In this chapter, main test results in CABRI REP-Na program are presented, and also the
current status on the CABRI water loop program is briefly introduced.
2.1 CABRI REP Na loop test program
2.1.1 Overview of CABRI REP Na loop test
First of all, a total of twelve tests have been carried out in the program. Eight of the tests
were performed on UO2 fuel and four tests on MOX fuel, pre-irradiated to burnups ranging
from 28 to 65 MWd/kgU. In addition to the CABRI REP-Na program, two tests were
performed in November 2002 on PWR fuel rods with burnups around 75 MWd//kgU.

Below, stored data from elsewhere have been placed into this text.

(* Necessity: on span{|1>,|2>} the matrices lambda_1, lambda_2, lambda_3 are the
   Pauli matrices, so the upper-left 2x2 block of a positive semidefinite A has a Bloch
   vector (Tr (lambda_mu A))_mu of length at most its trace.  By Cauchy-Schwarz the
   functional M |-> Tr (W M), W = P (x) P - sum_mu s_mu lambda_mu (x) lambda_mu with P the
   projection onto that block and s_mu = +-1, is then nonnegative on product states, hence
   on separable ones; its value on rho is 4/9 - sum_mu s_mu t_mu, and s_mu = sign t_mu
   gives the bound.
   Sufficiency: 1/3 + 1/2 sum_mu c_mu lambda_mu is a density matrix whenever
   sum_mu c_mu^2 <= 4/9, and alpha_mu = sqrt |t_mu|, beta_mu = sign(t_mu) sqrt |t_mu|
   meet the constraints of the explicit decomposition. *)

Definition o0 : 'I_3 := @Ordinal 3 0 isT.
Definition o1 : 'I_3 := @Ordinal 3 1 isT.
Definition o2 : 'I_3 := @Ordinal 3 2 isT.

Lemma sum_ord3 (V : nmodType) (F : 'I_3 -> V) : \sum_(i < 3) F i = F o0 + F o1 + F o2.
Proof. by rewrite !big_ord_recr big_ord0 /= add0r; congr (F _ + F _ + F _); apply: val_inj. Qed.

Lemma ord3_ind (P : 'I_3 -> Prop) : P o0 -> P o1 -> P o2 -> forall mu, P mu.
Proof.
by move=> P0 P1 P2 [[|[|[|//]]] lt_mu_3]; [move: P0 | move: P1 | move: P2];
  congr P; apply: val_inj.
Qed.

Lemma sum_ord4 (V : nmodType) (F : 'I_4 -> V) : \sum_(i < 4) F i =
  F (@Ordinal 4 0 isT) + F (@Ordinal 4 1 isT) + F (@Ordinal 4 2 isT) + F (@Ordinal 4 3 isT).
Proof.
by rewrite !big_ord_recr big_ord0 /= add0r; congr (F _ + F _ + F _ + F _); apply: val_inj.
Qed.

Lemma kpair_subproof m n (i : 'I_m) (j : 'I_n) : (i * n + j < m * n)%N.
Proof.
by rewrite -ltn_subRL -mulnBl (leq_trans (ltn_ord j)) // leq_pmull // subn_gt0.
Qed.

Definition kpair m n (i : 'I_m) (j : 'I_n) : 'I_(m * n) := Ordinal (kpair_subproof i j).

Lemma kidx1_kpair m n (i : 'I_m) (j : 'I_n) : kidx1 (kpair i j) = i.
Proof. by apply: val_inj; rewrite /= divnMDl ?divn_small ?addn0 // (leq_ltn_trans _ (ltn_ord j)). Qed.

Lemma kidx2_kpair m n (i : 'I_m) (j : 'I_n) : kidx2 (kpair i j) = j.
Proof. by apply: val_inj; rewrite /= modnMDl modn_small. Qed.

Lemma kron_kpair (R : pzRingType) m1 n1 m2 n2 (A : 'M[R]_(m1, n1)) (B : 'M[R]_(m2, n2))
  i j k l : kron A B (kpair i k) (kpair j l) = A i j * B k l.
Proof. by rewrite mxE !kidx1_kpair !kidx2_kpair. Qed.

Lemma sum_mul_le_of_sqr (R : numDomainType) n (x y : 'I_n -> R) (a b : R) :
  0 <= a -> 0 <= b -> (forall i, x i \is Num.real) -> (forall i, y i \is Num.real) ->
  \sum_i x i ^+ 2 <= a ^+ 2 -> \sum_i y i ^+ 2 <= b ^+ 2 ->
  \sum_i x i * y i <= a * b.
Proof.
move=> a0 b0 xr yr hx hy.
have sqr_ge0 (z : 'I_n -> R) i : z i \is Num.real -> 0 <= z i ^+ 2.
  by move=> zr; apply: real_exprn_even_ge0.
have vanish (z w : 'I_n -> R) : (forall i, z i \is Num.real) ->
    \sum_i z i ^+ 2 <= 0 -> \sum_i z i * w i = 0.
  move=> zr hz; apply: big1 => i _.
  have /eqP/psumr_eq0P z0 : \sum_i z i ^+ 2 == 0.
    by rewrite eq_le hz sumr_ge0 // => j _; apply: sqr_ge0.
  move/eqP: (z0 (fun j _ => sqr_ge0 z j (zr j)) i isT).
  by rewrite sqrf_eq0 => /eqP ->; rewrite mul0r.
move: a0 b0; rewrite !le0r => /orP[/eqP a_eq0 | a_gt0]; first by
  move: hx; rewrite a_eq0 expr0n /= mul0r => /(vanish x y xr) ->.
move=> /orP[/eqP b_eq0 | b_gt0].
  move: hy; rewrite b_eq0 expr0n /= mulr0 => /(vanish y x yr).
  by rewrite (eq_bigr _ (fun i _ => mulrC (y i) (x i))) => ->.
have ar : a \is Num.real by apply/gtr0_real.
have br : b \is Num.real by apply/gtr0_real.
have expand : \sum_i (b * x i - a * y i) ^+ 2 =
    b ^+ 2 * \sum_i x i ^+ 2 - 2%:R * a * b * \sum_i x i * y i + a ^+ 2 * \sum_i y i ^+ 2.
  rewrite !mulr_sumr -sumrB -big_split /=; apply: eq_bigr => i _; ring.
rewrite -subr_ge0 -(pmulr_rge0 _ (mulr_gt0 (mulr_gt0 (ltr0n R 2) a_gt0) b_gt0)).
have -> : 2%:R * a * b * (a * b - \sum_i x i * y i) = b ^+ 2 * (a ^+ 2 - \sum_i x i ^+ 2)
    + a ^+ 2 * (b ^+ 2 - \sum_i y i ^+ 2) + \sum_i (b * x i - a * y i) ^+ 2.
  by rewrite expand; ring.
apply: addr_ge0; first apply: addr_ge0.
- by rewrite mulr_ge0 ?subr_ge0 ?real_exprn_even_ge0.
- by rewrite mulr_ge0 ?subr_ge0 ?real_exprn_even_ge0.
- by apply: sumr_ge0 => i _; rewrite real_exprn_even_ge0 // rpredB ?rpredM.
Qed.

Section Qutrit.
Variable C : numClosedFieldType.

Lemma adjmx_quadE n (M : 'M[C]_n) (x : 'cV[C]_n) :
  (adjmx x *m M *m x) 0 0 = \sum_j \sum_k (x k 0)^* * M k j * x j 0.
Proof.
rewrite !mxE; apply: eq_bigr => j _; rewrite !mxE mulr_suml.
by apply: eq_bigr => k _; rewrite !mxE.
Qed.

Lemma psd_pair_form n (A : 'M[C]_n) (i j : 'I_n) (u v : C) : i != j -> psdmx A ->
  0 <= u^* * A i i * u + u^* * A i j * v + v^* * A j i * u + v^* * A j j * v.
Proof.
pose x := \col_k (if k == i then u else if k == j then v else 0) : 'cV[C]_n.
move=> ij [_ /(_ x)]; congr (_ <= _); rewrite adjmx_quadE.
have sum_ij (F : 'I_n -> C) : (forall k, k != i -> k != j -> F k = 0) ->
    \sum_k F k = F i + F j.
  move=> F0; rewrite (bigD1 i) // (bigD1 j) 1?eq_sym //= big1 ?addr0 // => k /andP[ki kj].
  exact: F0.
have xE k : k != i -> k != j -> x k 0 = 0.
  by move=> ki kj; rewrite mxE (negPf ki) (negPf kj).
rewrite sum_ij => [|k ki kj]; last by rewrite big1 // => l _; rewrite (xE k) // mulr0.
rewrite !sum_ij => [|k ki kj|k ki kj]; try by rewrite (xE k) // conjC0 !mul0r.
by rewrite !mxE eqxx eq_sym (negPf ij) eqxx; ring.
Qed.

Lemma psd_minor2 n (A : 'M[C]_n) (i j : 'I_n) : i != j -> psdmx A ->
  [/\ 0 <= A i i, 0 <= A j j, A j i = (A i j)^* & A i j * A j i <= A i i * A j j].
Proof.
move=> ij hA; have Q u v := psd_pair_form u v ij hA.
have hc : A j i = (A i j)^* by case: hA => /matrixP /(_ i j); rewrite mxE => <-; rewrite conjCK.
have a0 : 0 <= A i i.
  by have := Q 1 0; rewrite conjC0 conjC1 !(mul0r, mulr0, addr0, mul1r, mulr1).
have d0 : 0 <= A j j.
  by have := Q 0 1; rewrite conjC0 conjC1 !(mul0r, mulr0, add0r, mul1r, mulr1).
split=> //; rewrite hc in Q *; move: (A i i) (A j j) (A i j) a0 d0 Q => a d w a0 d0 Q.
have ar : a^* = a by apply/CrealP/ger0_real.
have dr : d^* = d by apply/CrealP/ger0_real.
rewrite -subr_ge0; set N := w * w^*.
have [a_gt0|] := boolP (0 < a).
  have := Q (- w) a; rewrite -(pmulr_rge0 _ a_gt0).
  by congr (_ <= _); rewrite rmorphN ar /N; ring.
rewrite lt_def a0 andbT negbK => /eqP a_eq0.
have [d_gt0|] := boolP (0 < d).
  have := Q d (- w^*); rewrite -(pmulr_rge0 _ d_gt0).
  by congr (_ <= _); rewrite rmorphN /= conjCK dr /N; ring.
rewrite lt_def d0 andbT negbK => /eqP d_eq0.
have := Q 1 (- w^*); rewrite rmorphN /= conjCK conjC1 a_eq0 d_eq0.
rewrite !(mul0r, mulr0, mul1r, mulr1, add0r, addr0, subr0, sub0r) -/N => hN.
by move: hN; rewrite (_ : _ + _ = 2%:R * - N) ?pmulr_rge0 ?ltr0n // /N; ring.
Qed.

Definition pauli_coord (A : 'M[C]_3) (mu : 'I_3) : C := \tr (gellmann C mu *m A).

Lemma pauli_coordE (A : 'M[C]_3) :
  [/\ pauli_coord A o0 = A o0 o1 + A o1 o0,
      pauli_coord A o1 = 'i * (A o0 o1 - A o1 o0) &
      pauli_coord A o2 = A o0 o0 - A o1 o1].
Proof.
by split; rewrite /pauli_coord /mxtrace sum_ord3 !mxE !sum_ord3 !mxE /gellmann /=; ring.
Qed.

Lemma psd_pauli_ball (A : 'M[C]_3) : psdmx A ->
  [/\ 0 <= A o0 o0 + A o1 o1, forall mu, pauli_coord A mu \is Num.real &
      \sum_mu pauli_coord A mu ^+ 2 <= (A o0 o0 + A o1 o1) ^+ 2].
Proof.
case/(psd_minor2 (i := o0) (j := o1) isT) => p0 q0 hc hdet.
have [E0 E1 E2] := pauli_coordE A; rewrite hc in E0 E1 hdet.
split; first exact: addr_ge0.
  apply: ord3_ind; rewrite ?E0 ?E1 ?E2.
  - by apply/CrealP; rewrite rmorphD /= conjCK addrC.
  - by apply/CrealP; rewrite rmorphM rmorphB /= conjCK conjCi mulNr -mulrN opprB.
  - by rewrite rpredB ?ger0_real.
rewrite sum_ord3 E0 E1 E2 -subr_ge0.
set p := A o0 o0; set q := A o1 o1; set w := A o0 o1.
have -> : (p + q) ^+ 2 - ((w + w^*) ^+ 2 + ('i * (w - w^*)) ^+ 2 + (p - q) ^+ 2) =
    4%:R * (p * q - w * w^*) - ('i ^+ 2 + 1) * (w - w^*) ^+ 2 by ring.
by rewrite sqrCi addNr mul0r subr0 mulr_ge0 ?ler0n // subr_ge0.
Qed.

(* M |-> Tr (W M) for W = P (x) P - sum_mu s_mu lambda_mu (x) lambda_mu, written out on the
   entries of the block span{|1>,|2>} (x) span{|1>,|2>}. *)
Definition qubit_witness (s : 'I_3 -> C) (M : 'M[C]_(3 * 3)) : C :=
  let m i j k l := M (kpair i j) (kpair k l) in
  m o0 o0 o0 o0 + m o0 o1 o0 o1 + m o1 o0 o1 o0 + m o1 o1 o1 o1
  - s o0 * (m o0 o0 o1 o1 + m o0 o1 o1 o0 + m o1 o0 o0 o1 + m o1 o1 o0 o0)
  + s o1 * (m o0 o0 o1 o1 - m o0 o1 o1 o0 - m o1 o0 o0 o1 + m o1 o1 o0 o0)
  - s o2 * (m o0 o0 o0 o0 - m o0 o1 o0 o1 - m o1 o0 o1 o0 + m o1 o1 o1 o1).

Lemma qubit_witness_kron (s : 'I_3 -> C) (A B : 'M[C]_3) :
  qubit_witness s (kron A B) = (A o0 o0 + A o1 o1) * (B o0 o0 + B o1 o1)
    - \sum_mu s mu * pauli_coord A mu * pauli_coord B mu.
Proof.
have mul_i2 x y : 'i * x * ('i * y) = - (x * y) :> C.
  by rewrite mulrACA -expr2 sqrCi mulN1r.
rewrite /qubit_witness !kron_kpair sum_ord3.
have [-> -> ->] := pauli_coordE A; have [-> -> ->] := pauli_coordE B.
by rewrite -[s o1 * _ * _]mulrA mul_i2; ring.
Qed.

Lemma qubit_witness_kron_ge0 (s : 'I_3 -> C) (A B : 'M[C]_3) :
  (forall mu, s mu \is Num.real) -> (forall mu, s mu ^+ 2 = 1) ->
  psdmx A -> psdmx B -> 0 <= qubit_witness s (kron A B).
Proof.
move=> sr s2 /psd_pauli_ball[a0 ar aball] /psd_pauli_ball[b0 br bball].
rewrite qubit_witness_kron subr_ge0.
apply: sum_mul_le_of_sqr => // [mu|]; first by rewrite rpredM.
by under eq_bigr do rewrite exprMn s2 mul1r.
Qed.

Lemma qubit_witness_lincomb (s : 'I_3 -> C) k (p : 'I_k -> C) (K : 'I_k -> 'M[C]_(3 * 3)) :
  qubit_witness s (\sum_(i < k) p i *: K i) = \sum_(i < k) p i * qubit_witness s (K i).
Proof.
have W0 : qubit_witness s 0 = 0 by rewrite /qubit_witness !mxE; ring.
have WD : {morph qubit_witness s : A B / A + B} by move=> A B; rewrite /qubit_witness !mxE; ring.
rewrite (big_morph _ WD W0); apply: eq_bigr => i _.
by rewrite /qubit_witness !mxE; ring.
Qed.

Lemma rho1E (t : 'I_3 -> C) k l : rho1 t k l =
  9%:R^-1 * ((kidx1 k == kidx1 l)%:R * (kidx2 k == kidx2 l)%:R)
  + 4%:R^-1 * \sum_mu t mu * (gellmann C mu (kidx1 k) (kidx1 l) * gellmann C mu (kidx2 k) (kidx2 l)).
Proof. by rewrite !mxE summxE; under eq_bigr do rewrite !mxE. Qed.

These test rods, denoted CIPO-1 and CIPO-2, had advanced claddings such as ZIRLO and
M5 cladding, respectively. The CABRI test reactor is a pool-type light water reactor,
designed with a central flux area that can accommodate the insertion of a test device.
2.2 Main outcomes of CABRI REP Na loop test
Fuel cladding failure occurred in four tests, whereas no failure occurred in the remaining 8
tests. Among the four tests with fuel failure, there had UO2 fuel and one MOX fuel. All
failures were with Zircaloy-4 cladding, whereas no failure occurred in the three tests with
M5 or ZIRLO cladding. The three UO2 failures occurred at enthalpy below 80 cal/g and on
fuel that had a burnup of about 60 MWd/kgU and significant oxide thickness from 80 to 130
μm. However, several other CABRI tests were run at comparable burnup and oxide
thickness range, without resulting in fuel failure. Oxide spalling appears to be distinctive
element that separates the failed and non-failed fuel in CABRI UO2 tests, in that all three fuel
rods that failed had spalling, while the rods that did not fail had uniform non-spalled oxide.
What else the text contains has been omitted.